====== Records shown ======
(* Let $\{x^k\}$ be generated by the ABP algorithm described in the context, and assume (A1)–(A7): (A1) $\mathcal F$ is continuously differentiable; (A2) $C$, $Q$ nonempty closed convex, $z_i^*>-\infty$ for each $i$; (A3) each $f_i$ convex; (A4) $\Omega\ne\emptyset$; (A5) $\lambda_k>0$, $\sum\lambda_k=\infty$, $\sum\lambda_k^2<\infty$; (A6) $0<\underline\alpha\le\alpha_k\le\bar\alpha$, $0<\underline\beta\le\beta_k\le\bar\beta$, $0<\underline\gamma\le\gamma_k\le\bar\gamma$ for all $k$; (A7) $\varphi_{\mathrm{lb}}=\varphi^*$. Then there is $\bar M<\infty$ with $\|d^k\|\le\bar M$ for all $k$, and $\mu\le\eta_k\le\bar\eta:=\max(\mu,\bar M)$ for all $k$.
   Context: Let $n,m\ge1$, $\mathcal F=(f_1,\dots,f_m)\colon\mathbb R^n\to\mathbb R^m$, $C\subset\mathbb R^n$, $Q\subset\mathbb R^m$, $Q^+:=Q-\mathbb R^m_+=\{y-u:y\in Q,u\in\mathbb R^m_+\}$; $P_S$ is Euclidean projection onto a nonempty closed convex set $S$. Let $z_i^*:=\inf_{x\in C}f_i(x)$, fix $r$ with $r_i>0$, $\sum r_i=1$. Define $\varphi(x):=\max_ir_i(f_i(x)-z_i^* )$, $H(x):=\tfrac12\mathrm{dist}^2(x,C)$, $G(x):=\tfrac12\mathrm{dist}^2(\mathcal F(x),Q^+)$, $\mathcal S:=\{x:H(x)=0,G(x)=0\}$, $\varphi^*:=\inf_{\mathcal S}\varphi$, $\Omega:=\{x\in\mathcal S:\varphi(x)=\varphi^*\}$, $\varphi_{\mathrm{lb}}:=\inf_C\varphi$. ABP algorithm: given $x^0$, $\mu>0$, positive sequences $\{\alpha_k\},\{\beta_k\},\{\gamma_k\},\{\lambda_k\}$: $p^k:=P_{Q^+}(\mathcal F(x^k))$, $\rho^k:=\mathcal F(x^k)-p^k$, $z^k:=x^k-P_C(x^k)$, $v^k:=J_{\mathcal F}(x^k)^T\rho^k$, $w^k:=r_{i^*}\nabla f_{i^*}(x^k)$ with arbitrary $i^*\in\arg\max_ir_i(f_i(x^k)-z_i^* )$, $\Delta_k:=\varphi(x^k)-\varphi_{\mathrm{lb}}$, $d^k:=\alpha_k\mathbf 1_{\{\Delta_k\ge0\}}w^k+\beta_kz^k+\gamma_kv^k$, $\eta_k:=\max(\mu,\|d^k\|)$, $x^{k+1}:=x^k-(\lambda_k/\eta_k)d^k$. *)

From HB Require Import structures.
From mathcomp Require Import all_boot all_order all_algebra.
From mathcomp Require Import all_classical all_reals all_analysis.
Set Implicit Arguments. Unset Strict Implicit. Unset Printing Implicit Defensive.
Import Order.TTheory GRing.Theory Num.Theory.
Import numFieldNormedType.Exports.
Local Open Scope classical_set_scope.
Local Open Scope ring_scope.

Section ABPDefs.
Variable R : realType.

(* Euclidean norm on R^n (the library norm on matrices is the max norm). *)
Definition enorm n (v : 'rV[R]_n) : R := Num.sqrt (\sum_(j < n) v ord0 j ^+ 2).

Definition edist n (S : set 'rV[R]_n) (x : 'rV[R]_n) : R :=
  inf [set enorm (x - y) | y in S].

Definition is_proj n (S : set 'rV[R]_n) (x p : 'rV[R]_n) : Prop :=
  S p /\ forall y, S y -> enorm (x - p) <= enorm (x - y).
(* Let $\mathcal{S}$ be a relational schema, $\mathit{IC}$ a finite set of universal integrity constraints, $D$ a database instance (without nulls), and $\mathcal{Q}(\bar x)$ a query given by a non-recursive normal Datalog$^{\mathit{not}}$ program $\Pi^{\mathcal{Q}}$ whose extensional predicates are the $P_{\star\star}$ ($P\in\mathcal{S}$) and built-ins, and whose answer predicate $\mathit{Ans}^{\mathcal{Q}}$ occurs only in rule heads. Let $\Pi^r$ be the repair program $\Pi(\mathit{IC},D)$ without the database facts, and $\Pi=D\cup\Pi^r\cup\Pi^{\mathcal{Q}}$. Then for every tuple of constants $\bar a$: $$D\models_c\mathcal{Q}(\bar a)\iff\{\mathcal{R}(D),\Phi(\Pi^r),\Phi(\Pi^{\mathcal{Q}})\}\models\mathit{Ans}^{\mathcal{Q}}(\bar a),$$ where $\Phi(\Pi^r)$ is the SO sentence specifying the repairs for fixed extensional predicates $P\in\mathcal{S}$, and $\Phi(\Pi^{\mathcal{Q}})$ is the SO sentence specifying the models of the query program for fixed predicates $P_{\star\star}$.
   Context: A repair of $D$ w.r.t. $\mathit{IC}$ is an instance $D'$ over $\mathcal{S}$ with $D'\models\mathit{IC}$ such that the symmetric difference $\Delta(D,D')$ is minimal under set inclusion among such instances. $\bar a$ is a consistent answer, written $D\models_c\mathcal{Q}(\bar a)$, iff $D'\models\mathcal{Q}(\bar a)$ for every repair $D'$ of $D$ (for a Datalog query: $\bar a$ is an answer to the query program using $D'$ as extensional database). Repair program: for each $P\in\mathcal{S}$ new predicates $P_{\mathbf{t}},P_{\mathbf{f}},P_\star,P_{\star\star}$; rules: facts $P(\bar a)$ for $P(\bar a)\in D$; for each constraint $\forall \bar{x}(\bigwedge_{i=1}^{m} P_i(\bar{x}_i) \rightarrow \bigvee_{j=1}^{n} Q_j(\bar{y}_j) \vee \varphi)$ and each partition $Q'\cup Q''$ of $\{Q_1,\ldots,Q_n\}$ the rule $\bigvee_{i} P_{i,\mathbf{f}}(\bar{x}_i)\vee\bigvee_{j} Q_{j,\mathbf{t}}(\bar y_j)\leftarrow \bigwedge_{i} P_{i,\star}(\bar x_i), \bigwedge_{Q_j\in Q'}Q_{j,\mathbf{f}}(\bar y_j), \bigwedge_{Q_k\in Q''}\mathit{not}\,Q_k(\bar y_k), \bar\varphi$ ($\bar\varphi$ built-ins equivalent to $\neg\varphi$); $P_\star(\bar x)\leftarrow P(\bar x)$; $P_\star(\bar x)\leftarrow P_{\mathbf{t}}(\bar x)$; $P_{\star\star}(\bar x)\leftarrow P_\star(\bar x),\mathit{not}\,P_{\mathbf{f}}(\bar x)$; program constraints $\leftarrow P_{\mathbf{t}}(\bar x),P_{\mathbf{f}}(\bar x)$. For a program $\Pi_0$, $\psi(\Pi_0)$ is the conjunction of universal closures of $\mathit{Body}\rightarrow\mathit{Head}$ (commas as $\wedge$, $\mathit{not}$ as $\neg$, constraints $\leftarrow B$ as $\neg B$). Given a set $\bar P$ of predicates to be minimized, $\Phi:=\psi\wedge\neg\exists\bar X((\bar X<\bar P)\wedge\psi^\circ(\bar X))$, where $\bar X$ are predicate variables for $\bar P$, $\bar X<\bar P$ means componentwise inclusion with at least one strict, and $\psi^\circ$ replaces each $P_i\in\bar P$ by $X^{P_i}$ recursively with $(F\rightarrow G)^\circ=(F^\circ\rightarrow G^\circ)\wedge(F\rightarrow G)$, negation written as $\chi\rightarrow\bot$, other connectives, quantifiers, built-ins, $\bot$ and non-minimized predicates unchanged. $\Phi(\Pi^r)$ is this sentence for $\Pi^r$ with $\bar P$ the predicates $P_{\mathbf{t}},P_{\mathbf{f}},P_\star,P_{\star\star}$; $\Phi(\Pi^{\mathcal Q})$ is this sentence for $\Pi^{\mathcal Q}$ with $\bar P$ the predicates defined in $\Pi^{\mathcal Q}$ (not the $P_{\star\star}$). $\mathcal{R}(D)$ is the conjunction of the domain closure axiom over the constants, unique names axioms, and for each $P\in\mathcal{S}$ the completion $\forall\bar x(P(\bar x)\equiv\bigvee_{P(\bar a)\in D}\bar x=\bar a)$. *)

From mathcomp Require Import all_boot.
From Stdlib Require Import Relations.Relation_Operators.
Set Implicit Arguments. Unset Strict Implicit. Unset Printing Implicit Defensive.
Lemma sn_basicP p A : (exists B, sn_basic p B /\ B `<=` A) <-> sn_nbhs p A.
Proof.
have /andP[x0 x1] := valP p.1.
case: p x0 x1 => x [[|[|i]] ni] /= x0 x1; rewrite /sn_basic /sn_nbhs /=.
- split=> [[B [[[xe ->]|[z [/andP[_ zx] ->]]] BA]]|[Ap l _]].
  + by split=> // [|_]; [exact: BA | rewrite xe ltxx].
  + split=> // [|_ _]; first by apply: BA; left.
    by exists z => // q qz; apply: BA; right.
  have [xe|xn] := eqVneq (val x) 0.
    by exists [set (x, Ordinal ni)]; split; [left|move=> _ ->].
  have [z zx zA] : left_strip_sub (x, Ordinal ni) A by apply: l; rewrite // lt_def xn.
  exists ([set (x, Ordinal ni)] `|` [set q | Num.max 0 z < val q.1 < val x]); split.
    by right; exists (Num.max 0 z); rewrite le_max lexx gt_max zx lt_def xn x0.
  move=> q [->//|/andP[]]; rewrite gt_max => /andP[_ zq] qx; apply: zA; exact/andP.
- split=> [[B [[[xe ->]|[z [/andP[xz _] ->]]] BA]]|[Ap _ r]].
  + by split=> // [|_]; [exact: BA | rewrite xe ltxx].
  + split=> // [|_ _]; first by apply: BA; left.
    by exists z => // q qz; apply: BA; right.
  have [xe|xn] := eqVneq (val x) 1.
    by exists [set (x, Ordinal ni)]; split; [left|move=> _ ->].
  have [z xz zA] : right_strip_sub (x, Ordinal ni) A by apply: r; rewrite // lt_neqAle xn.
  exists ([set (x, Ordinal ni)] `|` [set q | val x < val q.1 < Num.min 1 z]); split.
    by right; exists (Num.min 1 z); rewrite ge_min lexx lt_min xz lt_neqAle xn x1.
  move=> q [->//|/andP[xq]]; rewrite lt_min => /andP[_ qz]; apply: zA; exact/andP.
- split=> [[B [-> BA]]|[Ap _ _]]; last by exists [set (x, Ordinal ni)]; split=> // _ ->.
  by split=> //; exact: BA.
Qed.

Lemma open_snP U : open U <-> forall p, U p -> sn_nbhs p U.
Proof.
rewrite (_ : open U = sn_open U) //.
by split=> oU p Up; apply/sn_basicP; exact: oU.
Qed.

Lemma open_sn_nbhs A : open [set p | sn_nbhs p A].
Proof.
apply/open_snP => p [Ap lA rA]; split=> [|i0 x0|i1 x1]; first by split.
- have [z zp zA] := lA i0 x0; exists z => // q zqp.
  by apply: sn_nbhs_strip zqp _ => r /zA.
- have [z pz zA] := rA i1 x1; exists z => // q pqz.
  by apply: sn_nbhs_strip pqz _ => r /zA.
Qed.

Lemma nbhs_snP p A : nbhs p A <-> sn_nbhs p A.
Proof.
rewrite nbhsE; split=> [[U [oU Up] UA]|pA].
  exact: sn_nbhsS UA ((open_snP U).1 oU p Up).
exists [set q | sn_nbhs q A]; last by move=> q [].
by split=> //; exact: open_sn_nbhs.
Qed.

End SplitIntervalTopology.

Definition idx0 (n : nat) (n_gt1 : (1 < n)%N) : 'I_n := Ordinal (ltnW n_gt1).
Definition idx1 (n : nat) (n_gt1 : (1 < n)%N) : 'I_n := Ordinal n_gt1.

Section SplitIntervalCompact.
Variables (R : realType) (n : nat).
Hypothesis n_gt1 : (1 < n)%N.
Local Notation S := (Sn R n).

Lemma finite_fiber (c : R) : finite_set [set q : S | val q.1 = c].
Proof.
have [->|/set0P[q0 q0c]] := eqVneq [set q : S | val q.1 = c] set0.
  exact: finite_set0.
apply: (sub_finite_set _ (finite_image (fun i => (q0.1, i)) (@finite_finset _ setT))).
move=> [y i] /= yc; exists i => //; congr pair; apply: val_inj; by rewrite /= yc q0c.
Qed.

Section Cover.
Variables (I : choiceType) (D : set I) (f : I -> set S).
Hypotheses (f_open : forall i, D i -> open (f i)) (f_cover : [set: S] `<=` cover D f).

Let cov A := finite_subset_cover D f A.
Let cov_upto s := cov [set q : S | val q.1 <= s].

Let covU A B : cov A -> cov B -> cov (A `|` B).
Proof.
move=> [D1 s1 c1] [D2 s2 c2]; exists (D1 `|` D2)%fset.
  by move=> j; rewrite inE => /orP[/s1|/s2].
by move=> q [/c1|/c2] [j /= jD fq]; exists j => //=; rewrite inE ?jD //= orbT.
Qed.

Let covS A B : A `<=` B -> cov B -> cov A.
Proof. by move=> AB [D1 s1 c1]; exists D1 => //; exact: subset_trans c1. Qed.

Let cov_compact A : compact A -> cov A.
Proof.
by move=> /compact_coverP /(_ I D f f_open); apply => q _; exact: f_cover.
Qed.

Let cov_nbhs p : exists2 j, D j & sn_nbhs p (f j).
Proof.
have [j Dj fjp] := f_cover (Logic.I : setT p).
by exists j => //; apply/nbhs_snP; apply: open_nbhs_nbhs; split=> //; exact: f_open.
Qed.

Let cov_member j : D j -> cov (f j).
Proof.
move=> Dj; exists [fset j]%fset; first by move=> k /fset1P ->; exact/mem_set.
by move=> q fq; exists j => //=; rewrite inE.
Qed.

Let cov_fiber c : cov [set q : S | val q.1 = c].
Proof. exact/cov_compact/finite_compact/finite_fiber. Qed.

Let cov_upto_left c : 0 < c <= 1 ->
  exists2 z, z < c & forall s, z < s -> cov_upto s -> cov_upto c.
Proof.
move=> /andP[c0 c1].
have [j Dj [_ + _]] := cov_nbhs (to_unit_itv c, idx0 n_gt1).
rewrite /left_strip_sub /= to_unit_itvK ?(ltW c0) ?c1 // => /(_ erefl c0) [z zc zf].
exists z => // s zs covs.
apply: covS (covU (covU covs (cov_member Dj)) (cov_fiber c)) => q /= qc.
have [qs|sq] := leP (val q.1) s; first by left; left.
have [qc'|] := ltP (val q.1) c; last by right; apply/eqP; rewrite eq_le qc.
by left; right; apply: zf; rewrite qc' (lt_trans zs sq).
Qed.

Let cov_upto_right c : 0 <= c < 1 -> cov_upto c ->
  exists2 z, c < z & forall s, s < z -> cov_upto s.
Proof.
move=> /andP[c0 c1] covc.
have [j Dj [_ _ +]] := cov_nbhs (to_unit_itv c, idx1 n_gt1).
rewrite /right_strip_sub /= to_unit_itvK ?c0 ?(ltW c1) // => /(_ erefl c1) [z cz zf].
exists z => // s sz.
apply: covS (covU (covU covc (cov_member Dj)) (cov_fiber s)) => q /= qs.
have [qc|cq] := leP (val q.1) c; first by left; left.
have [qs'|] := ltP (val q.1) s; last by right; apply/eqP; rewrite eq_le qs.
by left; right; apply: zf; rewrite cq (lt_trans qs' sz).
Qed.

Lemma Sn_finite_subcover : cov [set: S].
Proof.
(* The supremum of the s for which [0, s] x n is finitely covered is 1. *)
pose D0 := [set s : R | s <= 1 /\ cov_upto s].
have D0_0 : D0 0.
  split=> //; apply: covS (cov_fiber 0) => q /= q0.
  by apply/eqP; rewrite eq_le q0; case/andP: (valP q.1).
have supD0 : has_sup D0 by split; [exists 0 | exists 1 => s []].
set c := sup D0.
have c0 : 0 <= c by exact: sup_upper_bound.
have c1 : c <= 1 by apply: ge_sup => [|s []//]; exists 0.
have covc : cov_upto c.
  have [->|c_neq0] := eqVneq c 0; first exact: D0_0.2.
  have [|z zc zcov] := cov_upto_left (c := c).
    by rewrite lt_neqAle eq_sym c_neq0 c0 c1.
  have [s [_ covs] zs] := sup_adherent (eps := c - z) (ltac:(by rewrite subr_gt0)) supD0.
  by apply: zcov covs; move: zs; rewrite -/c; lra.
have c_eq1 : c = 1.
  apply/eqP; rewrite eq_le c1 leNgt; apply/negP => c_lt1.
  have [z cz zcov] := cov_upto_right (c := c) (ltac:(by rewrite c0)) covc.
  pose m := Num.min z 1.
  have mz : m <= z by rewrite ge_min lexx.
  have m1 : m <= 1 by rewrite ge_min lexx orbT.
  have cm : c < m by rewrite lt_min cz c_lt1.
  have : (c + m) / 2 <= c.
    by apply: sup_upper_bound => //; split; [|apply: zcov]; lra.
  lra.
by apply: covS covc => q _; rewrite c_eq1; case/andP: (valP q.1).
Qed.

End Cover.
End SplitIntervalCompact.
======
Task: Copy out every line of the entries where the string "Ordinal" shows up.

Result of the task:
    by exists [set (x, Ordinal ni)]; split; [left|move=> _ ->].
  have [z zx zA] : left_strip_sub (x, Ordinal ni) A by apply: l; rewrite // lt_def xn.
  exists ([set (x, Ordinal ni)] `|` [set q | Num.max 0 z < val q.1 < val x]); split.
    by exists [set (x, Ordinal ni)]; split; [left|move=> _ ->].
  have [z xz zA] : right_strip_sub (x, Ordinal ni) A by apply: r; rewrite // lt_neqAle xn.
  exists ([set (x, Ordinal ni)] `|` [set q | val x < val q.1 < Num.min 1 z]); split.
- split=> [[B [-> BA]]|[Ap _ _]]; last by exists [set (x, Ordinal ni)]; split=> // _ ->.
Definition idx0 (n : nat) (n_gt1 : (1 < n)%N) : 'I_n := Ordinal (ltnW n_gt1).
Definition idx1 (n : nat) (n_gt1 : (1 < n)%N) : 'I_n := Ordinal n_gt1.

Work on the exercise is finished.